Here is an example dataset. The actual dataset can exceed 200,000 records.
labno name sex dob id location sample_date
1 John A M 12/07/1969 12345 A 12/05/2112
2 John B M 10/01/1964 54321 B 6/12/2010
3 James M 30/08/1958 87878 A 30/04/2012
4 James M 30/08/1958 45454 B 29/04/2012
5 Peter M 12/05/1935 33322 C 15/07/2011
6 John A M 12/07/1969 12345 A 14/05/2012
7 Peter M 12/05/1935 33322 A 23/03/2011
8 Jack M 5/12/1921 65655 B 15/08/2011
9 Jill F 6/08/1986 65459 A 16/02/2012
10 Julie F 4/03/1992 41211 C 15/09/2011
11 Angela F 1/10/1977 12345 A 23/10/2006
12 Mark A M 1/06/1955 56465 C 4/04/2011
13 Mark A M 1/06/1955 45456 C 3/04/2011
14 Mark B M 9/12/1984 55544 A 13/09/2012
15 Mark B M 9/12/1984 55544 A 1/01/2012
Unique persons are those with the same name and dob. For example John A, James, Mark A, and Mark B are unique persons. Mark A however has different id values.
I normally use R for the procedure and generate a list of dataframes based on the name/dob combination and sort each dataframe by sample_date. I then would use a list apply function to determine if the difference in date between the fist and last index within each dataframe to return the oldest if it was less than 8 weeks from the most recent date. It takes forever.
I would welcome a few pointers as to how I might attempt this with python/pandas. I started by making a MultiIndex with name/dob/id. The structure looks like what I want. What I need to do is try applying some of the functions I use in R to select out the rows I need.
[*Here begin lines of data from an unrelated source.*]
(* Let $\mathcal N$ and $\mathcal M$ be quantum channels satisfying $s$-detailed balance with respect to $\rho_\beta$, with $\mathcal N$ having $\rho_\beta$ as unique fixed state and spectrum in $[0,1]$. Let $\{Y_i\}_i$, $\lambda_i$, $\alpha_{ij}$ and $\mathrm{SC}$ be as defined in the context. If the map $\widehat{\mathcal M}$ satisfies $s$-detailed balance with respect to $\rho_\beta$, then $\mathrm{SC}\le\mathrm{Cov}_{\rho_\beta}(\mathcal M)$.
   Context: $H$ is an $n$-qubit Hermitian operator, $\beta>0$, $\rho_\beta=e^{-\beta H}/\operatorname{tr}(e^{-\beta H})$. $\mathcal T^\dagger$ denotes the Hilbert–Schmidt adjoint of a linear map $\mathcal T$ (for a channel with Kraus operators $K_u$, $\mathcal T^\dagger(X)=\sum_uK_u^\dagger XK_u$). $\langle A,B\rangle_s=\operatorname{tr}(A^\dagger\rho_\beta^{1-s}B\rho_\beta^s)$; a linear map $\mathcal T$ satisfies $s$-detailed balance if $\langle A,\mathcal T^\dagger(B)\rangle_s=\langle\mathcal T^\dagger(A),B\rangle_s$ for all $A,B$. $\mathcal M$ has Kraus operators $\{O_u\}_u$ indexed by finitely many real outcomes $u$; $\mathbb E_{\rho_\beta}(\mathcal M)=\sum_uu\operatorname{tr}(O_u\rho_\beta O_u^\dagger)$, $\mathrm{Cov}_{\rho_\beta}(\mathcal M)=\sum_{x,y}(x-\mathbb E_{\rho_\beta}(\mathcal M))(y-\mathbb E_{\rho_\beta}(\mathcal M))\operatorname{tr}(O_yO_x\rho_\beta O_x^\dagger O_y^\dagger)$, $\widehat{\mathcal M}(X)=\sum_u(u-\mathbb E_{\rho_\beta}(\mathcal M))O_uXO_u^\dagger$. Let $\mathcal E=\mathcal M\circ\mathcal N\circ\mathcal M$ and $\widehat{\mathcal E}=\mathcal M\circ\mathcal N\circ\widehat{\mathcal M}$. Let $\{Y_i\}_i$ be a basis of the $2^n\times2^n$ matrices, orthonormal w.r.t. $\langle\cdot,\cdot\rangle_s$, consisting of eigenvectors $\mathcal E^\dagger(Y_i)=\lambda_iY_i$ with $1=\lambda_1>\lambda_2\ge\lambda_3\ge\dots\ge0$ and $Y_1=I$. Define $\alpha_{ij}=\langle Y_j,\widehat{\mathcal E}^\dagger(Y_i)\rangle_s$ and the spectral covariance weight $\mathrm{SC}=\sum_j|\alpha_{1j}\alpha_{j1}|$. *)

From HB Require Import structures.
From mathcomp Require Import all_boot all_order all_algebra.
From mathcomp Require Import complex.
From mathcomp Require Import reals interval_inference topology normedtype sequences exp.
Set Implicit Arguments. Unset Strict Implicit. Unset Printing Implicit Defensive.
Import Order.TTheory GRing.Theory Num.Theory.
Local Open Scope ring_scope.

Definition q_adjmx (R : realType) (m k : nat) (A : 'M[R[i]]_(m, k)) : 'M[R[i]]_(k, m) :=
  (map_mx (fun z : R[i] => z^*) A)^T.

(* positive semidefinite (w.r.t. the order of C, which forces reality) *)
Definition q_is_psd (R : realType) (d : nat) (A : 'M[R[i]]_d) : Prop :=
  forall v : 'cV[R[i]]_d, 0 <= (q_adjmx v *m A *m v) 0 0.

Definition q_is_state (R : realType) (d : nat) (A : 'M[R[i]]_d) : Prop :=
  q_is_psd A /\ \tr A = 1.

Definition q_is_unitary (R : realType) (d : nat) (U : 'M[R[i]]_d) : Prop :=
  q_adjmx U *m U = 1%:M.

Definition q_specfun (R : realType) (d : nat) (U : 'M[R[i]]_d) (ev : 'I_d -> R)
    (f : R -> R) : 'M[R[i]]_d :=
  U *m diag_mx (\row_j ((f (ev j))%:C)%C) *m q_adjmx U.

Definition q_gibbs_weight (R : realType) (d : nat) (beta : R) (ev : 'I_d -> R)
    (x : R) : R :=
  expR (- beta * x) / \sum_(k < d) expR (- beta * ev k).

(* rho_beta = e^{-beta H} / tr e^{-beta H}, with H = U diag(ev) U^dagger *)
Definition q_gibbs (R : realType) (d : nat) (beta : R) (U : 'M[R[i]]_d)
    (ev : 'I_d -> R) : 'M[R[i]]_d :=
  q_specfun U ev (q_gibbs_weight beta ev).

Definition q_gibbs_pow (R : realType) (d : nat) (beta : R) (U : 'M[R[i]]_d)
    (ev : 'I_d -> R) (p : R) : 'M[R[i]]_d :=
  q_specfun U ev (fun x => powR (q_gibbs_weight beta ev x) p).

Definition q_s_inner (R : realType) (d : nat) (beta : R) (U : 'M[R[i]]_d)
    (ev : 'I_d -> R) (s : R) (A B : 'M[R[i]]_d) : R[i] :=
  \tr (q_adjmx A *m q_gibbs_pow beta U ev (1 - s) *m B *m q_gibbs_pow beta U ev s).

Definition q_kraus_map (R : realType) (d : nat) (I : finType) (K : I -> 'M[R[i]]_d)
    (X : 'M[R[i]]_d) : 'M[R[i]]_d :=
  \sum_(u : I) (K u *m X *m q_adjmx (K u)).

Definition q_kraus_adj (R : realType) (d : nat) (I : finType) (K : I -> 'M[R[i]]_d)
    (X : 'M[R[i]]_d) : 'M[R[i]]_d :=
  \sum_(u : I) (q_adjmx (K u) *m X *m K u).

(* trace preserving (hence a quantum channel, being completely positive) *)
Definition q_is_channel (R : realType) (d : nat) (I : finType) (K : I -> 'M[R[i]]_d) : Prop :=
  \sum_(u : I) (q_adjmx (K u) *m K u) = 1%:M.

Definition q_s_detailed_balance (R : realType) (d : nat) (ip : 'M[R[i]]_d -> 'M[R[i]]_d -> R[i])
    (Tadj : 'M[R[i]]_d -> 'M[R[i]]_d) : Prop :=
  forall A B, ip A (Tadj B) = ip (Tadj A) B.

Definition q_meas_mean (R : realType) (d : nat) (J : finType) (O : J -> 'M[R[i]]_d)
    (out : J -> R) (rho : 'M[R[i]]_d) : R[i] :=
  \sum_(u : J) ((out u)%:C)%C * \tr (O u *m rho *m q_adjmx (O u)).
(* Let $B$ be a positive integer and let $\Psi=\forall X\in\mathbb R^n.\exists Y\in\mathbb R^m.\,(|X|>B\lor\Phi_0(X,Y))$ be a $\Pi_{2,<}$-sentence (so $\Phi_0$ is a $\mathrm{QFF}_<$-formula). Then $\Psi$ is true over $\mathbb R$ if and only if the sentence $\exists C\in\mathbb R.\forall X\in\mathbb R^n.\exists Y\in\mathbb R^m.\,(|X|>B\lor(|Y|\le C\land\Phi_0(X,Y)))$ is true over $\mathbb R$.
   Context: $\mathcal L$ is the first-order language over the signature $\langle \mathbb Z,+,\times,<,\le\rangle$ with connectives $\land,\lor$, interpreted over $\mathbb R$. A $\mathrm{QFF}_<$-formula is a quantifier-free $\mathcal L$-formula not containing $\le$. A $\Pi_{2,<}$-sentence has the form $\forall X.\exists Y.\,\chi(X,Y)$ with $\chi$ a $\mathrm{QFF}_<$-formula. For $X=(x_1,\dots,x_n)$ and a term $c$, $|X|\le c$ abbreviates $\bigwedge_j(-c\le x_j\le c)$ and $|X|>c$ abbreviates $\bigvee_j(x_j>c\lor x_j<-c)$. *)

From Stdlib Require Import Reals ZArith.
Open Scope R_scope.

Definition fin (n : nat) : Type := {i : nat | (i < n)%nat}.

Inductive term (V : Type) : Type :=
| TVar : V -> term V
| TConst : Z -> term V
| TAdd : term V -> term V -> term V
| TMul : term V -> term V -> term V.
Arguments TVar {V} _.
Arguments TConst {V} _.
Arguments TAdd {V} _ _.
Arguments TMul {V} _ _.

Fixpoint teval {V : Type} (env : V -> R) (t : term V) : R :=
  match t with
  | TVar v => env v
  | TConst z => IZR z
  | TAdd a b => teval env a + teval env b
  | TMul a b => teval env a * teval env b
  end.

(* QFF_< formulas: quantifier-free, built from strict atoms t1 < t2
   with the connectives /\ and \/ only (no <=, no negation). *)
Inductive qff_lt (V : Type) : Type :=
| FLt : term V -> term V -> qff_lt V
| FAnd : qff_lt V -> qff_lt V -> qff_lt V
| FOr : qff_lt V -> qff_lt V -> qff_lt V.
Arguments FLt {V} _ _.
Arguments FAnd {V} _ _.
Arguments FOr {V} _ _.

Fixpoint holds {V : Type} (env : V -> R) (f : qff_lt V) : Prop :=
  match f with
  | FLt a b => teval env a < teval env b
  | FAnd f g => holds env f /\ holds env g
  | FOr f g => holds env f \/ holds env g
  end.

Definition envXY {n m : nat} (X : fin n -> R) (Y : fin m -> R)
  (v : fin n + fin m) : R :=
  match v with inl i => X i | inr j => Y j end.

Definition norm_le {n : nat} (X : fin n -> R) (c : R) : Prop :=
  forall j : fin n, - c <= X j <= c.

Definition norm_gt {n : nat} (X : fin n -> R) (c : R) : Prop :=
  exists j : fin n, X j > c \/ X j < - c.

From Stdlib Require Import Reals ZArith.
From Stdlib Require Import Lra Lia Psatz Arith Classical FunctionalExtensionality.
Open Scope R_scope.

(* For "->" the point is that a strict quantifier-free formula defines an
   open set, so a witness Y found for a point X also works, unchanged, for
   every X' close to X; any single witness is bounded.  Hence the property
   "some witness of norm <= C exists" holds with a LOCALLY uniform C on the
   box [-B,B]^n, and compactness of the box makes C globally uniform. *)

Lemma teval_lipschitz {V : Type} (t : term V) (env : V -> R) :
  exists K, 0 <= K /\ forall (env' : V -> R) (d : R), 0 <= d <= 1 ->
    (forall v, Rabs (env' v - env v) <= d) ->
    Rabs (teval env' t - teval env t) <= K * d.
Proof.
  induction t as [v | z | a [Ka [HKa IHa]] b [Kb [HKb IHb]]
                        | a [Ka [HKa IHa]] b [Kb [HKb IHb]]]; simpl.
  - exists 1; split; [lra |]. intros env' d _ Hd. specialize (Hd v). lra.
  - exists 0; split; [lra |]. intros env' d _ _.
    unfold Rminus; rewrite Rplus_opp_r, Rabs_R0; lra.
  - exists (Ka + Kb); split; [lra |]. intros env' d Hd Hclose.
    specialize (IHa env' d Hd Hclose). specialize (IHb env' d Hd Hclose).
    replace (teval env' a + teval env' b - (teval env a + teval env b))
      with ((teval env' a - teval env a) + (teval env' b - teval env b)) by ring.
    pose proof (Rabs_triang (teval env' a - teval env a) (teval env' b - teval env b)).
    lra.
  - set (ta := teval env a); set (tb := teval env b).
    exists (Ka * Kb + Rabs ta * Kb + Ka * Rabs tb).
    pose proof (Rabs_pos ta); pose proof (Rabs_pos tb).
    split; [nra |]. intros env' d Hd Hclose.
    specialize (IHa env' d Hd Hclose). specialize (IHb env' d Hd Hclose).
    fold ta in IHa; fold tb in IHb.
    set (x := teval env' a - ta) in *; set (y := teval env' b - tb) in *.
    replace (teval env' a * teval env' b - ta * tb) with (x * y + ta * y + x * tb)
      by (unfold x, y; ring).
    pose proof (Rabs_triang (x * y + ta * y) (x * tb)).
    pose proof (Rabs_triang (x * y) (ta * y)).
    rewrite !Rabs_mult in *.
    pose proof (Rabs_pos x); pose proof (Rabs_pos y).
    assert (Hxy : Rabs x * Rabs y <= (Ka * d) * (Kb * d))
      by (apply Rmult_le_compat; assumption).
    assert (Hd2 : (Ka * d) * (Kb * d) <= Ka * Kb * d).
    { replace ((Ka * d) * (Kb * d)) with ((Ka * Kb * d) * d) by ring.
      assert (0 <= Ka * Kb * d) by (apply Rmult_le_pos; [apply Rmult_le_pos |]; lra).
      nra. }
    assert (Rabs ta * Rabs y <= Rabs ta * (Kb * d)) by (apply Rmult_le_compat_l; lra).
    assert (Rabs x * Rabs tb <= (Ka * d) * Rabs tb) by (apply Rmult_le_compat_r; lra).
    lra.
Qed.

Lemma Rabs_le_bounds (x b : R) : Rabs x <= b -> - b <= x <= b.
Proof.
  intros H. pose proof (Rle_abs x). pose proof (Rle_abs (- x)).
  rewrite Rabs_Ropp in *. lra.
Qed.

Lemma holds_open {V : Type} (f : qff_lt V) (env : V -> R) : holds env f ->
  exists d, 0 < d /\ forall env' : V -> R,
    (forall v, Rabs (env' v - env v) < d) -> holds env' f.
Proof.
  induction f as [a b | f IHf g IHg | f IHf g IHg]; simpl.
  - intros Hlt.
    destruct (teval_lipschitz a env) as [Ka [HKa Ha]].
    destruct (teval_lipschitz b env) as [Kb [HKb Hb]].
    set (gap := teval env b - teval env a).
    set (d := Rmin 1 (gap / (2 * (Ka + Kb + 1)))).
    assert (Hd_pos : 0 < d) by (apply Rmin_glb_lt; [lra | unfold gap;
      apply Rdiv_lt_0_compat; lra]).
    assert (Hsmall : (Ka + Kb) * d < gap).
    { assert (Hd : d <= gap / (2 * (Ka + Kb + 1))) by apply Rmin_r.
      assert (Hsplit : gap / (2 * (Ka + Kb + 1)) * (2 * (Ka + Kb + 1)) = gap)
        by (field; lra).
      nra. }
    exists d; split; [exact Hd_pos |]. intros env' Hclose.
    assert (Hle : forall v, Rabs (env' v - env v) <= d)
      by (intro v; apply Rlt_le, Hclose).
    assert (Hd1 : 0 <= d <= 1) by (split; [lra | apply Rmin_l]).
    specialize (Ha env' d Hd1 Hle). specialize (Hb env' d Hd1 Hle).
    apply Rabs_le_bounds in Ha; apply Rabs_le_bounds in Hb.
    unfold gap in Hsmall. nra.
  - intros [Hf Hg].
    destruct (IHf Hf) as [d1 [Hd1 H1]]. destruct (IHg Hg) as [d2 [Hd2 H2]].
    exists (Rmin d1 d2); split; [apply Rmin_glb_lt; lra |].
    intros env' Hclose. split.
    + apply H1. intro v. exact (Rlt_le_trans _ _ _ (Hclose v) (Rmin_l _ _)).
    + apply H2. intro v. exact (Rlt_le_trans _ _ _ (Hclose v) (Rmin_r _ _)).
  - intros [Hf | Hg].
    + destruct (IHf Hf) as [d [Hd H]]. exists d; auto.
    + destruct (IHg Hg) as [d [Hd H]]. exists d; auto.
Qed.

(* Vectors of R^n are handled as functions nat -> R when inducting on n. *)
Definition tofin (n : nat) (X : nat -> R) : fin n -> R := fun i => X (proj1_sig i).

Definition fromfin (n : nat) (X : fin n -> R) : nat -> R :=
  fun i => match lt_dec i n with left h => X (exist _ i h) | right _ => 0 end.

Lemma fromfin_at (n : nat) (X : fin n -> R) (i : nat) (h : (i < n)%nat) :
  fromfin n X i = X (exist _ i h).
Proof.
  unfold fromfin. destruct (lt_dec i n) as [h' | h']; [| lia].
  do 2 f_equal. apply le_unique.
Qed.

Lemma tofin_fromfin (n : nat) (X : fin n -> R) : tofin n (fromfin n X) = X.
Proof.
  apply functional_extensionality. intros [i h]. apply fromfin_at.
Qed.

Lemma prefix_bounded (Y : nat -> R) (m : nat) :
  exists C, forall i, (i < m)%nat -> Rabs (Y i) <= C.
Proof.
  induction m as [| m [C HC]].
  - exists 0. intros i Hi; lia.
  - exists (Rmax C (Rabs (Y m))). intros i Hi.
    destruct (Nat.eq_dec i m) as [-> | Hne]; [apply Rmax_r |].
    eapply Rle_trans; [apply HC; lia | apply Rmax_l].
Qed.
Lemma Delta2_of_eventual_doubling (beta : nat -> R) (C : R) (N0 : nat) :
  (forall n, 0 < beta n) -> 0 < C ->
  (forall n, (N0 <= n)%nat -> / beta (2 * n)%nat <= C * / beta n) ->
  Delta2 beta.
Proof.
  intros Hb HC Hlate.
  destruct (doubling_initial_segment beta Hb N0) as [d0 [Hd0 Hearly]].
  set (delta := Rmin (1/2) (Rmin d0 (/ C))).
  assert (Hdelta_d0 : delta <= d0) by (eapply Rle_trans; [apply Rmin_r | apply Rmin_l]).
  assert (Hdelta_C : delta <= / C) by (eapply Rle_trans; [apply Rmin_r | apply Rmin_r]).
  assert (HCinv : 0 < / C) by (apply Rinv_0_lt_compat, HC).
  exists delta. split.
  { split; [apply Rmin_pos; [lra | apply Rmin_pos; lra] | ].
    apply Rle_lt_trans with (1/2); [apply Rmin_l | lra]. }
  intro n. assert (Hbn := Hb n). assert (Hb2 := Hb (2 * n)%nat).
  destruct (Nat.lt_ge_cases n N0) as [Hn | Hn].
  - specialize (Hearly n Hn).
    assert (delta * beta n <= d0 * beta n) by (apply Rmult_le_compat_r; lra). lra.
  - specialize (Hlate n Hn).
    assert (Hratio : / C * beta n <= beta (2 * n)%nat).
    { apply Rmult_le_reg_l with (C * / beta n * / beta (2 * n)%nat).
      - apply Rmult_lt_0_compat; [apply Rmult_lt_0_compat|]; auto using Rinv_0_lt_compat.
      - replace (C * / beta n * / beta (2 * n)%nat * (/ C * beta n)) with (/ beta (2 * n)%nat)
          by (field; lra).
        replace (C * / beta n * / beta (2 * n)%nat * beta (2 * n)%nat) with (C * / beta n)
          by (field; lra).
        exact Hlate. }
    assert (delta * beta n <= / C * beta n) by (apply Rmult_le_compat_r; lra). lra.
Qed.

Theorem mainTheorem12 (beta : nat -> R) (a : R) :
  (forall n : nat, 0 < beta n) ->
  ess_decreasing beta ->
  Rbar_le (Finite 1) (LimInf_seq (fun n : nat => Rpower (beta n) (/ INR n))) ->
  0 < a < 1 ->
  bounded_comp beta (RtoC a) ->
  Delta2 beta.
Proof.
  intros Hb [K [HK Hdec]] Hli Ha Hbc.
  assert (Hconv := gen_inv_converges beta Hb Hli).
  destruct (kernel_comparison beta Hb a Ha Hconv Hbc) as [B [HB Hcomp]].
  destruct (doubling_eventually (fun n => / beta n) K
              (fun n => Rinv_0_lt_compat _ (Hb n)) HK
              (inv_ess_increasing beta K Hb Hdec) Hconv a B Ha HB Hcomp)
    as [C [N0 [HC Hdoubling]]].
  exact (Delta2_of_eventual_doubling beta C N0 Hb HC Hdoubling).
Qed.
(* Let $(\Sigma_+,\Sigma_-,N_1,N_2,N_3)$ be a solution of the Wainwright–Hsu system satisfying the constraint, with $N_1=0$, $N_2,N_3>0$ and $\Sigma_-^2+(N_2-N_3)^2>0$. Then for every $p>1$, $1+\Sigma_+\in L^p([0,\infty))$.
   Context: Wainwright–Hsu system: for functions $N_1,N_2,N_3,\Sigma_+,\Sigma_-$ of $\tau\in\mathbb{R}$ (prime denotes $d/d\tau$), $N_1'=(q-4\Sigma_+)N_1$, $N_2'=(q+2\Sigma_++2\sqrt3\Sigma_-)N_2$, $N_3'=(q+2\Sigma_+-2\sqrt3\Sigma_-)N_3$, $\Sigma_+'=-(2-q)\Sigma_+-3S_+$, $\Sigma_-'=-(2-q)\Sigma_--3S_-$, where $q=2(\Sigma_+^2+\Sigma_-^2)$, $S_+=\frac12[(N_2-N_3)^2-N_1(2N_1-N_2-N_3)]$, $S_-=\frac{\sqrt3}{2}(N_3-N_2)(N_1-N_2-N_3)$, together with the constraint $\Sigma_+^2+\Sigma_-^2+\frac34[N_1^2+N_2^2+N_3^2-2(N_1N_2+N_2N_3+N_1N_3)]=1$. Solutions exist for all $\tau\in\mathbb{R}$. *)

From HB Require Import structures.
From mathcomp Require Import all_boot all_order all_algebra.
From mathcomp Require Import all_classical all_reals all_analysis.
Set Implicit Arguments. Unset Strict Implicit. Unset Printing Implicit Defensive.
Import Order.TTheory GRing.Theory Num.Theory.
Import numFieldNormedType.Exports.
Local Open Scope ring_scope.

Section WH.
Variable R : realType.

Definition WH_q (Sp Sm : R) : R := 2 * (Sp ^+ 2 + Sm ^+ 2).
Definition WH_Splus (N1 N2 N3 : R) : R :=
  2^-1 * ((N2 - N3) ^+ 2 - N1 * (2 * N1 - N2 - N3)).
Definition WH_Sminus (N1 N2 N3 : R) : R :=
  Num.sqrt 3 / 2 * (N3 - N2) * (N1 - N2 - N3).

Definition WH_solution (N1 N2 N3 Sp Sm : R -> R) : Prop :=
  forall t : R,
    [/\ is_derive t 1 N1 ((WH_q (Sp t) (Sm t) - 4 * Sp t) * N1 t)
        /\ is_derive t 1 N2
          ((WH_q (Sp t) (Sm t) + 2 * Sp t + 2 * Num.sqrt 3 * Sm t) * N2 t),
        is_derive t 1 N3
          ((WH_q (Sp t) (Sm t) + 2 * Sp t - 2 * Num.sqrt 3 * Sm t) * N3 t),
        is_derive t 1 Sp
          (- (2 - WH_q (Sp t) (Sm t)) * Sp t - 3 * WH_Splus (N1 t) (N2 t) (N3 t)),
        is_derive t 1 Sm
          (- (2 - WH_q (Sp t) (Sm t)) * Sm t - 3 * WH_Sminus (N1 t) (N2 t) (N3 t))
      & Sp t ^+ 2 + Sm t ^+ 2
        + 3 / 4 * (N1 t ^+ 2 + N2 t ^+ 2 + N3 t ^+ 2
                   - 2 * (N1 t * N2 t + N2 t * N3 t + N1 t * N3 t)) = 1].

End WH.

(* Write X := 1 + Sp and Y := sqrt 3 / 2 * (N2 - N3).  When N1 = 0 the system gives
   X' = -2 Y^2 X and the constraint reads Sm^2 + Y^2 = X (2 - X), so X decreases
   inside (0, 2); it suffices to prove X t = O(1 / t), since then |1 + Sp|^p is
   dominated by the integrable C (1 + t)^(-p).
   The function U := ln (N2 N3 / X^2) satisfies U' = 4 X.  If U is bounded, then
   U / 4 - t X, whose derivative is 2 t Y^2 X, is nondecreasing and bounds t X.
   Otherwise N2 N3 eventually dominates X^2, which makes the terms of the
   derivative of kappa := Sm Y / (3 (N2 + N3)) of order at most m X / 4.  Then
   G := ln (N2 N3 / X) - kappa - U / 4 is nondecreasing, so N2 N3 also dominates X,
   and Z := exp kappa / X satisfies Z' >= m / 3 for some m > 0.  Hence Z grows
   linearly while X Z = exp kappa <= 3 / 2, and again X t = O(1 / t). *)

From HB Require Import structures.
From mathcomp Require Import all_boot all_order all_algebra.
From mathcomp Require Import all_classical all_reals all_analysis.
From mathcomp Require Import ring lra.
From mathcomp Require Import measurable_realfun.
Import Order.TTheory GRing.Theory Num.Theory.
Import numFieldNormedType.Exports.
Local Open Scope classical_set_scope.
Local Open Scope ring_scope.

Section real_calculus.
Context {R : realType}.
Implicit Types (s t : R).

Lemma is_derive_lnf {f : R -> R} {t df : R} : is_derive t 1 f df -> 0 < f t ->
  is_derive t 1 (fun s => ln (f s)) (df / f t).
Proof.
move=> fdf ft0; apply: is_derive_eq (is_derive1_comp (is_derive1_ln ft0) fdf) _.
by rewrite mulrC.
Qed.

Lemma is_derive_expRf {f : R -> R} {t df : R} : is_derive t 1 f df ->
  is_derive t 1 (fun s => expR (f s)) (expR (f t) * df).
Proof. exact: is_derive1_comp. Qed.

Lemma is_derive_ge0_ndecr {f df : R -> R} {a : R} :
  (forall t, is_derive t 1 f (df t)) -> (forall t, a <= t -> 0 <= df t) ->
  forall s t, a <= s -> s <= t -> f s <= f t.
Proof.
move=> fdf df_ge0; apply: ger0_derive1_ndecry.
- by move=> t _; case: (fdf t).
- move=> t; rewrite in_itv/= andbT derive1E => /ltW le_at.
  by have [_ ->] := fdf t; exact: df_ge0.
- by apply: derivable_within_continuous => t _; case: (fdf t).
Qed.

Lemma ln_div_lt_cross {a b u v : R} : 0 < a -> 0 < b -> 0 < u -> 0 < v ->
  ln (a / b) < ln (u / v) -> a * v < b * u.
Proof.
move=> a0 b0 u0 v0; rewrite ltr_ln ?posrE ?divr_gt0//.
rewrite -(ltr_pM2r (mulr_gt0 b0 v0)).
have -> : a / b * (b * v) = a * v by field; rewrite gt_eqF.
by have -> : u / v * (b * v) = b * u by field; rewrite gt_eqF.
Qed.

End real_calculus.

Section powR_integrability.
Context {R : realType}.
Local Notation mu := (@lebesgue_measure R).

Lemma is_derive_powR_shift (c : R) {t : R} : 0 < 1 + t ->
  is_derive t 1 (fun s => (1 + s) `^ c) (c * (1 + t) `^ (c - 1)).
Proof.
move=> t1; have d1 : is_derive t 1 (fun s : R => 1 + s) 1.
  have := is_deriveD (is_derive_cst (1 : R) t 1) (is_derive_id t 1).
  by rewrite add0r.
by apply: is_derive_eq (is_derive1_comp (is_derive1_powR c t1) d1) _; rewrite mulr1.
Qed.

Lemma cvg_powR_shiftN (a : R) : 0 < a -> (1 + t) `^ (- a) @[t --> +oo] --> 0.
Proof.
move=> a0; apply/cvgr0Pnorm_lt => e e0.
set M := e^-1 `^ a^-1.
have M0 : 0 <= M by exact: powR_ge0.
exists M; split; first exact: num_real.
move=> t Mt; have t1 : 0 < 1 + t by lra.
rewrite ger0_norm ?powR_ge0// powRN -[E in _ < E]invrK.
rewrite ltf_pV2 ?posrE ?powR_gt0 ?invr_gt0//.
have -> : e^-1 = M `^ a by rewrite -powRrM mulVf ?powRr1 ?invr_ge0 ?ltW ?gt_eqF.
by rewrite gt0_ltr_powR ?nnegrE ?(ltW t1)//; lra.
Qed.
Lemma refine_wt ru : List.In ru refine_rules -> rule_wt refine_ar ru.
Proof.
move=> /In_refine_rules [[ru' [c [Hru Hc ->]]]|[[R0 ->]|->]].
- exact: refine_rule_wt.
- split; first by rewrite /= pass_rule_ty keyK // key_len_sym.
  by move=> a [<-|//] /=; rewrite pass_rule_ty.
- split; first by rewrite /= pass_rule_ty.
  move=> a [<-|//] /=; rewrite pass_rule_ty.
  by case: (out p) => [R|x] /=; rewrite keyK // key_len_cs.
Qed.

Definition refine_prog : program P :=
  @Program P refine_aux refine_ar refine_rules (inr (inr tt)) refine_wt.

Variable A : structure P.
Local Notation B := (apply_gadget u A).

(** Intended meaning: an annotated symbol holds of the tuples of A on which
    the symbol holds in υ(A) and whose P-types are the annotation. *)
Definition refine_cand (a : refine_aux) (w : seq A) : Prop :=
  match a with
  | inl (inl (x, k)) => lfp B p x w /\ map (tp A) w = decode k
  | inl (inr (R, k)) => rel B R w /\ map (tp A) w = decode k
  | inr _ => prog_out B p w /\ map (tp A) w = cs
  end.

Lemma refine_cand_sym D k w : dholds A refine_prog refine_cand (refine_sym D k) w <->
  dholds B p (lfp B p) D w /\ map (tp A) w = decode k.
Proof. by case: D. Qed.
I have tried selecting with df.xs() but I am not getting very far.
Here is a dictionary of the data that can be loaded easily into pandas (albeit with different column order).
{'dob': {0: '12/07/1969', 1: '10/01/1964', 2: '30/08/1958', 3:
'30/08/1958', 4: '12/05/1935', 5: '12/07/1969', 6: '12/05/1935',
7: '5/12/1921', 8: '6/08/1986', 9: '4/03/1992', 10: '1/10/1977',
11: '1/06/1955', 12: '1/06/1955', 13: '9/12/1984', 14:
'9/12/1984'}, 'id': {0: 12345, 1: 54321, 2: 87878, 3: 45454,
4: 33322, 5: 12345, 6: 33322, 7: 65655, 8: 65459, 9: 41211,
10: 12345, 11: 56465, 12: 45456, 13: 55544, 14: 55544},
'labno': {0: 1, 1: 2, 2: 3, 3: 4, 4: 5, 5: 6, 6: 7, 7:
8, 8: 9, 9: 10, 10: 11, 11: 12, 12: 13, 13: 14, 14: 15},
'location': {0: 'A', 1: 'B', 2: 'A', 3: 'B', 4: 'C', 5: 'A',
6: 'A', 7: 'B', 8: 'A', 9: 'C', 10: 'A', 11: 'C', 12: 'C',
13: 'A', 14: 'A'}, 'name': {0: 'John A', 1: 'John B', 2:
'James', 3: 'James', 4: 'Peter', 5: 'John A', 6: 'Peter', 7:
'Jack', 8: 'Jill', 9: 'Julie', 10: 'Angela', 11: 'Mark A',
12: 'Mark A', 13: 'Mark B', 14: 'Mark B'}, 'sample_date': {0:
'12/05/2112', 1: '6/12/2010', 2: '30/04/2012', 3: '29/04/2012',
4: '15/07/2011', 5: '14/05/2012', 6: '23/03/2011', 7:
'15/08/2011', 8: '16/02/2012', 9: '15/09/2011', 10:
'23/10/2006', 11: '4/04/2011', 12: '3/04/2011', 13:
'13/09/2012', 14: '1/01/2012'}, 'sex': {0: 'M', 1: 'M', 2: 'M',
3: 'M', 4: 'M', 5: 'M', 6: 'M', 7: 'M', 8: 'F', 9: 'F',
10: 'F', 11: 'M', 12: 'M', 13: 'M', 14: 'M'}}
I think what you might be looking for is
def differ(df):
delta = df.sample_date.diff().abs() # only care about magnitude
cond = delta.notnull() & (delta < np.timedelta64(8, 'W'))
return df[cond].max()
delta = df.groupby(['dob', 'name']).apply(differ)
Depending on whether or not you want to keep people who don't have more than 1 sample you can call delta.dropna(how='all') to remove them.
Note that I think you'll need numpy >= 1.7 for the timedelta64 comparison to work correctly, as there are a whole host of problems with timedelta64/datetime64 for numpy < 1.7.